The Central Laboratory at the University Hospital of Halle (Saale) undertook the determination of sTNF-R1 levels. The analyzed specimen were serum samples, stored at -80°C before measurement. Measurement of sTNF-R1 concentrations was carried out using the Human sTNF-R1/TNFSF1A Immunoassay Quantikine® ELISA (R&D Systems) on an Epoch 2 Microplate Spectrophotometer (BioTek, Bad Friedrichshall, Germany). sTNF-R1 concentrations were measured in double with standard quality controls (Quantikine Immunoassay Control Group; R&D Systems) and calibrations for each used microplate in accordance with the recommendations of the manufacturer. Interleukin-6 (IL-6) measurements were carried out on a Roche cobas e602 modular analyzer (Roche Diagnostics, Mannheim, Germany) using the IL-6 electrochemiluminescence immunoassay (ECLIA) kit from Roche (Elecsys IL-6, Roche, Mannheim, Germany). The cobas e602 analyzer and the used reagents were operated and calibrated according to the manufacturer’s instructions and manuals, with routine maintenance and quality control procedures. The determination of CRP was undertaken by the Institute of Laboratory Medicine, Clinical Chemistry and Molecular Diagnostics at the Leipzig University Clinics. The laboratory has been accredited according to the accreditation norms ISO 15180 and ISO 17025. Serum levels of high-sensitivity CRP (hsCRP) were measured using a high-sensitivity immunoturbidimetric method (CRP [Latex] HS, Roche, Mannheim, Germany) on a Hitachi autoanalyzer (Roche Diagnostics, Mannheim, Germany). Laboratory analyses of non-fasting venous blood samples included serum total, high-density (HDL) and low-density (LDL) lipoprotein cholesterol, triglycerides from EDTA-blood.

Statistical analysis

General descriptive statistics were calculated for the baseline characteristics of the population. Continuous variables were displayed as calculated means with their standard deviation or as medians with interquartile range (IQR) in the case of skewed distributions. Categorical variables were displayed as numbers and percentages.
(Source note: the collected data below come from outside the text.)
(* Let $\alpha,\nu>0$ and let $u$ be a sufficiently smooth solution of the second grade fluid equations with Dirichlet boundary condition on $\Omega$. Set $v=u-\alpha\Delta u$ and $\gamma_i(t)=\int_{\Gamma_i}v(t)\cdot n^\perp$. Then for every $i\in\{1,\dots,N\}$ and $t\ge0$, $\gamma_i(t)=\gamma_i(0)e^{-\frac\nu\alpha t}$.
   Context: $\Omega\subset\mathbb R^2$ is a smooth bounded domain with $\partial\Omega=\Gamma\cup\Gamma_1\cup\dots\cup\Gamma_N$ ($\Gamma$ the outer boundary component, $\Gamma_1,\dots,\Gamma_N$ the inner components, smooth closed curves); $n$ outward unit normal, $n^\perp$ unit tangent. The second grade fluid equations with Dirichlet boundary condition are $\partial_t(u-\alpha\Delta u)-\nu\Delta u+u\cdot\nabla(u-\alpha\Delta u)+\sum_j(u-\alpha\Delta u)_j\nabla u_j=-\nabla\pi$, $\operatorname{div}u=0$ in $\Omega$, $u|_{\partial\Omega}=0$. *)

From Stdlib Require Import Reals Lra List Classical ClassicalEpsilon.
Open Scope R_scope.

(** Derivative of a real function at a point, chosen classically
    (0 if the function is not differentiable there). *)
Definition deriv1 (g : R -> R) (x : R) : R :=
  match excluded_middle_informative (exists l, derivable_pt_lim g x l) with
  | left H => proj1_sig (constructive_indefinite_description _ H)
  | right _ => 0
  end.

(** Scalar fields on (time) x R^2 : f t x y. *)
Definition field3 := R -> R -> R -> R.

Inductive dir := Dt | Dx | Dy.

Definition pdt (f : field3) : field3 := fun t x y => deriv1 (fun s => f s x y) t.
Definition pdx (f : field3) : field3 := fun t x y => deriv1 (fun s => f t s y) x.
Definition pdy (f : field3) : field3 := fun t x y => deriv1 (fun s => f t x s) y.

Definition pd (d : dir) (f : field3) : field3 :=
  match d with Dt => pdt f | Dx => pdx f | Dy => pdy f end.

Definition has_pd (d : dir) (f : field3) : Prop :=
  forall t x y, exists l,
    match d with
    | Dt => derivable_pt_lim (fun s => f s x y) t l
    | Dx => derivable_pt_lim (fun s => f t s y) x l
    | Dy => derivable_pt_lim (fun s => f t x s) y l
    end.

Fixpoint iter_pd (l : list dir) (f : field3) : field3 :=
  match l with nil => f | d :: l' => pd d (iter_pd l' f) end.

Definition continuous3 (f : field3) : Prop :=
  forall t x y eps, 0 < eps -> exists delta, 0 < delta /\
    forall t' x' y', Rabs (t' - t) < delta -> Rabs (x' - x) < delta ->
      Rabs (y' - y) < delta -> Rabs (f t' x' y' - f t x y) < eps.

Definition smooth3 (f : field3) : Prop :=
  forall l : list dir, continuous3 (iter_pd l f) /\
    forall d, has_pd d (iter_pd l f).

Definition smooth1 (g : R -> R) : Prop :=
  exists D : nat -> R -> R, D O = g /\
    forall n x, derivable_pt_lim (D n) x (D (S n) x).

Definition laplacian (f : field3) : field3 :=
  fun t x y => pdx (pdx f) t x y + pdy (pdy f) t x y.

Definition vfield (alpha : R) (f : field3) : field3 :=
  fun t x y => f t x y - alpha * laplacian f t x y.

Definition sgf_eq (alpha nu : R) (u1 u2 p : field3) (t x y : R) : Prop :=
  let v1 := vfield alpha u1 in
  let v2 := vfield alpha u2 in
  pdt v1 t x y - nu * laplacian u1 t x y
    + (u1 t x y * pdx v1 t x y + u2 t x y * pdy v1 t x y)
    + (v1 t x y * pdx u1 t x y + v2 t x y * pdx u2 t x y)
    = - pdx p t x y
  /\
  pdt v2 t x y - nu * laplacian u2 t x y
    + (u1 t x y * pdx v2 t x y + u2 t x y * pdy v2 t x y)
    + (v1 t x y * pdy u1 t x y + v2 t x y * pdy u2 t x y)
    = - pdy p t x y
  /\
  pdx u1 t x y + pdy u2 t x y = 0.

Definition open2 (O : R -> R -> Prop) : Prop :=
  forall x y, O x y -> exists r, 0 < r /\
    forall x' y', (x' - x)^2 + (y' - y)^2 < r^2 -> O x' y'.

Definition bounded2 (O : R -> R -> Prop) : Prop :=
  exists M, forall x y, O x y -> x^2 + y^2 <= M.

Definition connected_open2 (O : R -> R -> Prop) : Prop :=
  forall A B : R -> R -> Prop, open2 A -> open2 B ->
    (forall x y, O x y <-> A x y \/ B x y) ->
    (forall x y, ~ (A x y /\ B x y)) ->
    (forall x y, ~ A x y) \/ (forall x y, ~ B x y).

Definition closure2 (O : R -> R -> Prop) (x y : R) : Prop :=
  forall eps, 0 < eps -> exists x' y', O x' y' /\ (x' - x)^2 + (y' - y)^2 < eps.

Definition boundary2 (O : R -> R -> Prop) (x y : R) : Prop :=
  closure2 O x y /\ ~ O x y.

Definition smooth_simple_closed_curve (cx cy : R -> R) : Prop :=
  smooth1 cx /\ smooth1 cy /\
  (forall s, cx (s + 1) = cx s /\ cy (s + 1) = cy s) /\
  (forall s, 0 < (deriv1 cx s)^2 + (deriv1 cy s)^2) /\
  (forall s s', 0 <= s < 1 -> 0 <= s' < 1 -> cx s = cx s' -> cy s = cy s' -> s = s').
To accommodate skewness of the baseline and follow-up measurements of sTNF-R1, both were modeled as continuous variables using a log (base 2) transformation, which corresponds to one unit expressing the doubling of sTNF-R1 value.

Cox proportional hazard regression was used to estimate the hazard ratios (HR) and 95% confidence intervals (CI) of all-cause and cardiovascular mortality resulting from inflammaging. The assumption of proportionality of hazards was confirmed by assessing the Schoenfeld residuals, which showed no non-zero slopes (S1 Fig). We also tested the form of the association between both sTNF-R1 values and the hazard of mortality using generalized additive model (GAM) (S2 and S3 Figs).

In order to assess the effects of changes in sTNF-R1 on subsequent mortality, we first studied the sTNF-R1 measurements at baseline and at follow-up and their interaction in a joint model. This specification allows differentiating between the effects of both measurements and provides insights for whether change should be considered. Model 1 included no further covariates; in further analyses, we included covariates in a stepwise manner. Covariates were first grouped in two separate groups to differentiate the underlying effects of the health-related lifestyle risk factors versus the effects of the chronic diseases and their indicators (Model 2 vs. Model 3). Both groups of covariates were included together in Model 4. To assess specific effects of sTNF-R1, we additionally included in Model 5 two other main inflammation parameters, hsCRP and Interleukin-6 (IL-6). In order to differentiate between acute and chronic inflammation, we conducted a sensitivity analysis in which subjects with hsCRP plasma level >10 mg/L at baseline and/or follow-up were excluded. Furthermore, we conducted another sensitivity analysis where we included only subjects who had stable levels for all covariates listed in Table 1 except age and sex, sTNF-R1 and thyroid disease. For the continuous variables, we included subjects who had less than ±10% change relative to their baseline measurement. Cause-specific hazard ratios were estimated for the cardiovascular mortality risk to accommodate for the presence of competing risks using the r package “riskRegression” [30].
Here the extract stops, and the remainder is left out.